_Assignment_
Copy each line below that includes "have".

_Given records_
•••
Lemma integral_density_measure (h : T -> \bar R) E : (forall x, 0 <= h x) ->
    measurable E -> measurable_fun E h ->
  \int[fmu]_(x in E) h x = \int[mu]_(x in E) ((f x)%:E * h x).
Proof.
move=> h0 mE mh; pose hn := nnsfun_approx mE mh.
have hnh x : E x -> (EFin \o hn ^~ x) @ \oo --> h x.
  by move=> Ex; exact: cvg_nnsfun_approx.
have nd_hn x : {homo (fun n => (hn n x)%:E) : a b / (a <= b)%N >-> a <= b}.
  by move=> a b ab; rewrite lee_fin; exact/lefP/nd_nnsfun_approx.
have mhn n : measurable_fun E (EFin \o hn n).
  exact/measurable_EFinP/measurable_funTS.
have mf' : measurable_fun E (EFin \o f).
  exact/measurable_funTS/measurable_EFinP.
transitivity (limn (fun n => \int[fmu]_(x in E) (hn n x)%:E)).
  rewrite -monotone_convergence//; last by move=> n x _; rewrite lee_fin.
  by apply: eq_integral => x /[!inE] Ex; apply/esym/cvg_lim => //; exact: hnh.
transitivity (limn (fun n => \int[mu]_(x in E) ((f x)%:E * (hn n x)%:E))).
  by congr (limn _); apply/funext => n; exact: integral_density_measure_nnsfun.
rewrite -monotone_convergence//.
- apply: eq_integral => x /[!inE] Ex; apply/cvg_lim => //.
  by apply: cvgeZl => //; exact: hnh.
- by move=> n; apply: emeasurable_funM; [exact: mf'|exact: mhn].
- by move=> n x _; rewrite mule_ge0 ?lee_fin.
- by move=> x _ a b ab; rewrite lee_wpmul2l ?lee_fin//; exact: nd_hn.
Qed.

End density_measure.
Arguments density_measure {d T R} mu {f}.

Section weighted_integral.
Context d (T : measurableType d) (R : realType) (mu : {measure set T -> \bar R}).
Variables (V h : T -> R).
Hypothesis V0 : forall x, (0 <= V x)%R.

Let weighted_funepos :
  (fun x => (V x * h x)%:E)^\+ = (fun x => (V x * Num.max (h x) 0)%:E).
Proof.
by apply/funext => x; rewrite funeposE -EFin_max maxr_pMr// mulr0.
Qed.

Let weighted_funeneg :
  (fun x => (V x * h x)%:E)^\- = (fun x => (V x * Num.max (- h x) 0)%:E).
Proof.
by apply/funext => x; rewrite funenegE -EFin_max maxr_pMr// mulr0 mulrN.
Qed.

Lemma integral_weighted : \int[mu]_x (V x * h x)%:E =
  \int[mu]_x (V x * Num.max (h x) 0)%:E -
  \int[mu]_x (V x * Num.max (- h x) 0)%:E.
Proof. by rewrite integralE weighted_funepos weighted_funeneg. Qed.

Hypotheses (mV : measurable_fun setT V) (mh : measurable_fun setT h)
  (Vh_fin : \int[mu]_x (V x * `|h x|)%:E < +oo).

Lemma integrable_weighted : mu.-integrable setT (fun x => (V x * h x)%:E).
Proof.
apply/integrableP; split; first exact/measurable_EFinP/measurable_funM.
by under eq_integral do rewrite /= normrM (ger0_norm (V0 _)).
Qed.

Lemma weighted_funepos_fin_num :
  \int[mu]_x (V x * Num.max (h x) 0)%:E \is a fin_num.
Proof.
rewrite -weighted_funepos; apply: integrable_fin_num => //.
exact/integrable_funepos/integrable_weighted.
Qed.

End weighted_integral.
Arguments integrable_weighted {d T R mu V h}.
Arguments weighted_funepos_fin_num {d T R mu V h}.
Arguments integral_weighted {d T R mu V h}.

Section sub_sigma_algebra.
Context d (T : measurableType d) (R : realType) (G : set (set T)).
Hypotheses (sG : sigma_algebra setT G) (GM : G `<=` measurable).

Lemma measurable_wrtW {h : T -> R} :
  measurable_wrt G h -> measurable_fun setT h.
Proof. by move=> hG _ B mB; rewrite setTI; apply: GM; exact: hG. Qed.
•••
_Result of this exercise_
have hnh x : E x -> (EFin \o hn ^~ x) @ \oo --> h x.
have nd_hn x : {homo (fun n => (hn n x)%:E) : a b / (a <= b)%N >-> a <= b}.
have mhn n : measurable_fun E (EFin \o hn n).
have mf' : measurable_fun E (EFin \o f).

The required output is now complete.